Через полчаса всё опять пришло в прежний порядок, только четвероугольники сделались серыми из черных. Полковой командир, опять подрагивающею походкой, вышел вперед полка и издалека оглядел его.
– Это что еще? Это что! – прокричал он, останавливаясь. – Командира 3 й роты!..
– Командир 3 й роты к генералу! командира к генералу, 3 й роты к командиру!… – послышались голоса по рядам, и адъютант побежал отыскивать замешкавшегося офицера.
Когда звуки усердных голосов, перевирая, крича уже «генерала в 3 ю роту», дошли по назначению, требуемый офицер показался из за роты и, хотя человек уже пожилой и не имевший привычки бегать, неловко цепляясь носками, рысью направился к генералу. Лицо капитана выражало беспокойство школьника, которому велят сказать невыученный им урок. На красном (очевидно от невоздержания) носу выступали пятна, и рот не находил положения. Полковой командир с ног до головы осматривал капитана, в то время как он запыхавшись подходил, по мере приближения сдерживая шаг.
– Вы скоро людей в сарафаны нарядите! Это что? – крикнул полковой командир, выдвигая нижнюю челюсть и указывая в рядах 3 й роты на солдата в шинели цвета фабричного сукна, отличавшегося от других шинелей. – Сами где находились? Ожидается главнокомандующий, а вы отходите от своего места? А?… Я вас научу, как на смотр людей в казакины одевать!… А?…
Ротный командир, не спуская глаз с начальника, всё больше и больше прижимал свои два пальца к козырьку, как будто в одном этом прижимании он видел теперь свое спасенье.
– Ну, что ж вы молчите? Кто у вас там в венгерца наряжен? – строго шутил полковой командир.
– Ваше превосходительство…
– Ну что «ваше превосходительство»? Ваше превосходительство! Ваше превосходительство! А что ваше превосходительство – никому неизвестно.
– Ваше превосходительство, это Долохов, разжалованный… – сказал тихо капитан.
– Что он в фельдмаршалы, что ли, разжалован или в солдаты? А солдат, так должен быть одет, как все, по форме.
– Ваше превосходительство, вы сами разрешили ему походом.

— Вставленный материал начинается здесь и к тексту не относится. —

(* Let $(M,d)$ be a metric space in which any two points $A,B\in M$ are joined by a unique metric segment $[A,B]$. Then $(M,d)$ is an $\mathbb R$-tree if and only if the following Condition (A) holds: for any three distinct points $A,B,C\in M$ there exists a unique $O\in M$ such that $\{X,Y\}\subset\mathcal C_d(Z,O)$ for all distinct $X,Y,Z\in\{A,B,C\}$.
   Context: For a metric space $(M,d)$ and $A,B\in M$, the metric segment is $[A,B]=\{X\in M:\ d(A,X)+d(X,B)=d(A,B)<+\infty\}$, and $\mathcal C_d(A,B)=\{X\in M:\ d(X,A)=d(X,B)+d(A,B)<+\infty\}$. An $\mathbb R$-tree is a nonempty metric space $(M,d)$ such that: (a) any two points $A,B\in M$ are joined by a unique metric segment $[A,B]$; (b) for all $A,B,C\in M$, $[A,B]\cap[A,C]=[A,O]$ for some $O\in M$; (c) if $A,B,C\in M$ and $[A,B]\cap[B,C]=\{B\}$, then $[A,B]\cup[B,C]=[A,C]$. *)

From Stdlib Require Import Reals.
Open Scope R_scope.

Section RTree.
Context {M : Type} (d : M -> M -> R).

Definition is_metric : Prop :=
  (forall x y, d x y = 0 <-> x = y) /\
  (forall x y, d x y = d y x) /\
  (forall x y z, d x z <= d x y + d y z).

Definition segment (A B : M) (X : M) : Prop := d A X + d X B = d A B.

Definition Cset (A B : M) (X : M) : Prop := d X A = d X B + d A B.

Definition is_metric_segment_joining (A B : M) (S : M -> Prop) : Prop :=
  exists f : R -> M,
    f 0 = A /\ f (d A B) = B /\
    (forall s t, 0 <= s <= d A B -> 0 <= t <= d A B ->
                 d (f s) (f t) = Rabs (s - t)) /\
    (forall X, S X <-> exists t, 0 <= t <= d A B /\ f t = X).

Definition unique_segments : Prop :=
  forall A B : M,
    is_metric_segment_joining A B (segment A B) /\
    (forall S, is_metric_segment_joining A B S ->
               forall X, S X <-> segment A B X).

Definition is_R_tree : Prop :=
  inhabited M /\
  unique_segments /\
  (forall A B C : M, exists O : M,
     forall X, (segment A B X /\ segment A C X) <-> segment A O X) /\
  (forall A B C : M,
     (forall X, (segment A B X /\ segment B C X) <-> X = B) ->
     forall X, (segment A B X \/ segment B C X) <-> segment A C X).

Definition conditionA : Prop :=
  forall A B C : M, A <> B -> B <> C -> A <> C ->
    exists! O : M,
      forall X Y Z : M,
        (X = A \/ X = B \/ X = C) ->
        (Y = A \/ Y = B \/ Y = C) ->
        (Z = A \/ Z = B \/ Z = C) ->
        X <> Y -> Y <> Z -> X <> Z ->
        Cset Z O X /\ Cset Z O Y.

End RTree.

(* Condition (A) says exactly that every triple of distinct points has a unique
   median, a point lying on all three segments joining them.  When segments are
   unique, medians are automatically unique: a median O of A, B, C satisfies
   d(A,O) = (d(A,B) + d(A,C) - d(B,C)) / 2, and a point of [A,B] is determined
   by its distance from A.  In an R-tree the branch point O of
   [A,B] ∩ [A,C] = [A,O] lies on [B,C] by the gluing axiom (c), so it is a
   median.  Conversely, given medians, the points of [A,B] are linearly ordered
   by their distance from A and no common point of [A,B] and [A,C] can lie
   beyond the median O, whence [A,B] ∩ [A,C] = [A,O]; and the hypothesis of (c)
   forces B to be the median of A, B, C, which puts B on [A,C]. *)
From Stdlib Require Import Reals Lra Classical.
Open Scope R_scope.

Section MetricSegments.
Variable M : Type.
Variable d : M -> M -> R.
Hypothesis d_metric : is_metric d.

Lemma dist_xx x : d x x = 0.
Proof. destruct d_metric as [H _]. now apply H. Qed.

Lemma dist_sym x y : d x y = d y x.
Proof. destruct d_metric as [_ [H _]]. apply H. Qed.

Lemma dist_triangle x y z : d x z <= d x y + d y z.
Proof. destruct d_metric as [_ [_ H]]. apply H. Qed.

Lemma dist_ge0 x y : 0 <= d x y.
Proof. pose proof (dist_triangle x y x). rewrite dist_xx, (dist_sym y x) in H. lra. Qed.

Lemma dist_eq0 x y : d x y = 0 -> x = y.
Proof. destruct d_metric as [H _]. apply H. Qed.

Lemma segment_sym A B X : segment d A B X -> segment d B A X.
Proof.
  unfold segment. rewrite (dist_sym B X), (dist_sym X A), (dist_sym B A). lra.
Qed.

Lemma segment_l A B : segment d A B A.
Proof. unfold segment. rewrite dist_xx. lra. Qed.

Lemma segment_r A B : segment d A B B.
Proof. unfold segment. rewrite dist_xx. lra. Qed.

Lemma segment_sub A B X Y : segment d A B X -> segment d A X Y -> segment d A B Y.
Proof.
  unfold segment. intros H1 H2.
  pose proof (dist_triangle Y X B); pose proof (dist_triangle A Y B). lra.
Qed.

Lemma segment_concat A B C X :
  segment d A C B -> segment d A B X \/ segment d B C X -> segment d A C X.
Proof.
  intros HB [HX | HX].
  - exact (segment_sub A C B X HB HX).
  - apply segment_sym. apply (segment_sub C A B X); apply segment_sym; assumption.
Qed.

Lemma Cset_segment Z O X : Cset d Z O X <-> segment d X Z O.
Proof. unfold Cset, segment. rewrite (dist_sym Z O). lra. Qed.

Definition median (A B C O : M) : Prop :=
  segment d A B O /\ segment d B C O /\ segment d A C O.

Lemma median_dist A B C O : median A B C O -> d A O = (d A B + d A C - d B C) / 2.
Proof.
  unfold median, segment. rewrite (dist_sym O B). lra.
Qed.

Lemma median_segment A B C O X Y :
  median A B C O ->
  (X = A \/ X = B \/ X = C) -> (Y = A \/ Y = B \/ Y = C) -> X <> Y ->
  segment d X Y O.
Proof.
  intros [HAB [HBC HAC]] hX hY nXY.
  destruct hX as [-> | [-> | ->]]; destruct hY as [-> | [-> | ->]];
    try congruence; auto using segment_sym.
Qed.

Lemma median_conditionA A B C O :
  A <> B -> B <> C -> A <> C ->
  median A B C O <->
  (forall X Y Z : M,
     (X = A \/ X = B \/ X = C) -> (Y = A \/ Y = B \/ Y = C) ->
     (Z = A \/ Z = B \/ Z = C) -> X <> Y -> Y <> Z -> X <> Z ->
     Cset d Z O X /\ Cset d Z O Y).
Proof.
  intros nAB nBC nAC. split.
  - intros HO X Y Z hX hY hZ nXY nYZ nXZ. rewrite !Cset_segment.
    split; eapply median_segment; eauto.
  - intros HO.
    destruct (HO A B C) as [HAC HBC]; auto.
    destruct (HO A C B) as [HAB _]; auto.
    rewrite Cset_segment in HAC, HBC, HAB.
    repeat split; assumption.
Qed.

Lemma conditionA_iff_unique_medians :
  conditionA d <->
  (forall A B C : M, A <> B -> B <> C -> A <> C -> exists! O, median A B C O).
Proof.
  unfold conditionA. split; intros H A B C nAB nBC nAC;
    destruct (H A B C nAB nBC nAC) as [O [HO Huniq]]; exists O; split.
  - now apply median_conditionA.
  - intros O' HO'. apply Huniq. now apply median_conditionA.
  - now apply median_conditionA.
  - intros O' HO'. apply Huniq. now apply median_conditionA.
Qed.

Lemma median_of_pair_l A C : median A A C A.
Proof. repeat split; apply segment_l. Qed.

Lemma median_of_pair_r A B : median A B B B.
Proof. repeat split; auto using segment_l, segment_r. Qed.

Lemma median_of_pair_m A B : median A B A A.
Proof. repeat split; auto using segment_l, segment_r. Qed.

Lemma medians_exist :
  (forall A B C : M, A <> B -> B <> C -> A <> C -> exists O, median A B C O) ->
  forall A B C : M, exists O, median A B C O.
Proof.
  intros H A B C.
  destruct (classic (A = B)) as [<- | nAB]; [exists A; apply median_of_pair_l |].
  destruct (classic (B = C)) as [<- | nBC]; [exists B; apply median_of_pair_r |].
  destruct (classic (A = C)) as [<- | nAC]; [exists A; apply median_of_pair_m |].
  now apply H.
Qed.

Definition segments_glue : Prop :=
  forall A B C : M,
    (forall X, (segment d A B X /\ segment d B C X) <-> X = B) ->
    forall X, (segment d A B X \/ segment d B C X) <-> segment d A C X.

Lemma branch_point_median A B C O :
  segments_glue ->
  (forall X, (segment d A B X /\ segment d A C X) <-> segment d A O X) ->
  median A B C O.
Proof.
  intros Hglue HO.
  destruct (proj2 (HO O) (segment_r A O)) as [OAB OAC].
  assert (Hbranch : forall X, (segment d B O X /\ segment d O C X) <-> X = O).
  { intros X. split; [intros [XBO XOC] | intros ->; auto using segment_l, segment_r].
    assert (XAB : segment d A B X).
    { apply segment_sym, (segment_sub B A O X); auto using segment_sym. }
    assert (XAC : segment d A C X).
    { apply segment_sym, (segment_sub C A O X); auto using segment_sym. }
    pose proof (proj1 (HO X) (conj XAB XAC)) as XAO.
    pose proof (dist_triangle A X B); pose proof (dist_ge0 X O).
    pose proof (dist_sym X B); pose proof (dist_sym O B).
    unfold segment in *. apply dist_eq0. lra. }
  repeat split; auto.
  apply (Hglue B O C Hbranch O). left. apply segment_r.
Qed.

Hypothesis d_unique_segments : unique_segments d.

Lemma isometry_dist_from_start A B (f : R -> M) s :
  f 0 = A ->
  (forall s t, 0 <= s <= d A B -> 0 <= t <= d A B -> d (f s) (f t) = Rabs (s - t)) ->
  0 <= s <= d A B -> d A (f s) = s.
Proof.
  intros f0 fiso Hs.
  assert (E : d (f 0) (f s) = Rabs (0 - s)) by (apply fiso; lra).
  rewrite f0 in E. rewrite E, Rabs_minus_sym, Rabs_right; lra.
Qed.

Lemma segment_eq_of_dist A B X Y :
  segment d A B X -> segment d A B Y -> d A X = d A Y -> X = Y.
Proof.
  destruct (d_unique_segments A B) as [[f [f0 [_ [fiso fseg]]]] _].
  intros HX HY Hd.
  apply fseg in HX as [s [Hs <-]]. apply fseg in HY as [t [Ht <-]].
  rewrite (isometry_dist_from_start A B f s), (isometry_dist_from_start A B f t) in Hd; auto.
  now subst.
Qed.

Lemma segment_point_at A B t :
  0 <= t <= d A B -> exists P, segment d A B P /\ d A P = t.
Proof.
  destruct (d_unique_segments A B) as [[f [f0 [_ [fiso fseg]]]] _]. intros Ht.
  exists (f t). split.
  - apply fseg. now exists t.
  - now apply (isometry_dist_from_start A B f t).
Qed.

Lemma segment_ordered A B X Y :
  segment d A B X -> segment d A B Y -> d A X <= d A Y -> segment d A Y X.
Proof.
  intros HX HY Hle.
  destruct (segment_point_at A Y (d A X)) as [P [HP HdP]]; [split; auto using dist_ge0 |].
  now rewrite <- (segment_eq_of_dist A B P X (segment_sub A B Y P HY HP) HX HdP).
Qed.

Lemma segment_split A B C X :
  segment d A C B -> segment d A C X -> segment d A B X \/ segment d B C X.
Proof.
  intros HB HX. destruct (Rle_dec (d A X) (d A B)) as [Hle | Hgt].
  - left. exact (segment_ordered A C X B HX HB Hle).
  - right. assert (HBX : segment d A X B) by (apply (segment_ordered A C B X); auto; lra).
    unfold segment in *. lra.
Qed.

Lemma median_unique A B C O O' : median A B C O -> median A B C O' -> O = O'.
Proof.
  intros HO HO'. apply (segment_eq_of_dist A B); [apply HO | apply HO' |].
  now rewrite (median_dist A B C O), (median_dist A B C O').
Qed.

Lemma median_inter_segments A B C O :
  median A B C O ->
  forall X, (segment d A B X /\ segment d A C X) <-> segment d A O X.
Proof.
  intros [OAB [OBC OAC]] X. split.
  - intros [XAB XAC]. apply (segment_ordered A B); auto.
    (* a common point beyond O would shortcut the path B - O - C *)
    pose proof (dist_triangle B X C).
    unfold segment in *. rewrite (dist_sym B X), (dist_sym B O) in *. lra.
  - intros XAO. split; eapply segment_sub; eauto.
Qed.

Lemma medians_glue : (forall A B C : M, exists O, median A B C O) -> segments_glue.
Proof.
  intros Hmed A B C Hinter.
  destruct (Hmed A B C) as [O [OAB [OBC OAC]]].
  assert (B_on_AC : segment d A C B) by (rewrite <- (proj1 (Hinter O) (conj OAB OBC)); exact OAC).
  intros X. split; [apply segment_concat, B_on_AC | apply segment_split, B_on_AC].
Qed.

End MetricSegments.

Theorem theorem2p2 (M : Type) (d : M -> M -> R) :
  is_metric d -> inhabited M -> unique_segments d ->
  (is_R_tree d <-> conditionA d).
Proof.
  intros Hm Hi Hu. rewrite conditionA_iff_unique_medians by exact Hm. split.
  - intros [_ [_ [Hinter Hglue]]] A B C _ _ _.
    destruct (Hinter A B C) as [O HO].
    assert (HOmed : median M d A B C O) by now apply branch_point_median.
    exists O. split; [exact HOmed |].
    intros O'. exact (median_unique M d Hm Hu A B C O O' HOmed).
  - intros Hmed.
    assert (Hex : forall A B C : M, exists O, median M d A B C O).
    { apply (medians_exist M d Hm). intros A B C nAB nBC nAC.
      destruct (Hmed A B C nAB nBC nAC) as [O [HO _]]. now exists O. }
    split; [exact Hi | split; [exact Hu | split]].
    + intros A B C. destruct (Hex A B C) as [O HO].
      exists O. now apply median_inter_segments.
    + now apply (medians_glue M d Hm Hu).
Qed.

– Разрешил? Разрешил? Вот вы всегда так, молодые люди, – сказал полковой командир, остывая несколько. – Разрешил? Вам что нибудь скажешь, а вы и… – Полковой командир помолчал. – Вам что нибудь скажешь, а вы и… – Что? – сказал он, снова раздражаясь. – Извольте одеть людей прилично…
И полковой командир, оглядываясь на адъютанта, своею вздрагивающею походкой направился к полку. Видно было, что его раздражение ему самому понравилось, и что он, пройдясь по полку, хотел найти еще предлог своему гневу. Оборвав одного офицера за невычищенный знак, другого за неправильность ряда, он подошел к 3 й роте.
– Кааак стоишь? Где нога? Нога где? – закричал полковой командир с выражением страдания в голосе, еще человек за пять не доходя до Долохова, одетого в синеватую шинель.
Долохов медленно выпрямил согнутую ногу и прямо, своим светлым и наглым взглядом, посмотрел в лицо генерала.
– Зачем синяя шинель? Долой… Фельдфебель! Переодеть его… дря… – Он не успел договорить.
– Генерал, я обязан исполнять приказания, но не обязан переносить… – поспешно сказал Долохов.
– Во фронте не разговаривать!… Не разговаривать, не разговаривать!…
– Не обязан переносить оскорбления, – громко, звучно договорил Долохов.
Глаза генерала и солдата встретились. Генерал замолчал, сердито оттягивая книзу тугой шарф.
– Извольте переодеться, прошу вас, – сказал он, отходя.


– Едет! – закричал в это время махальный.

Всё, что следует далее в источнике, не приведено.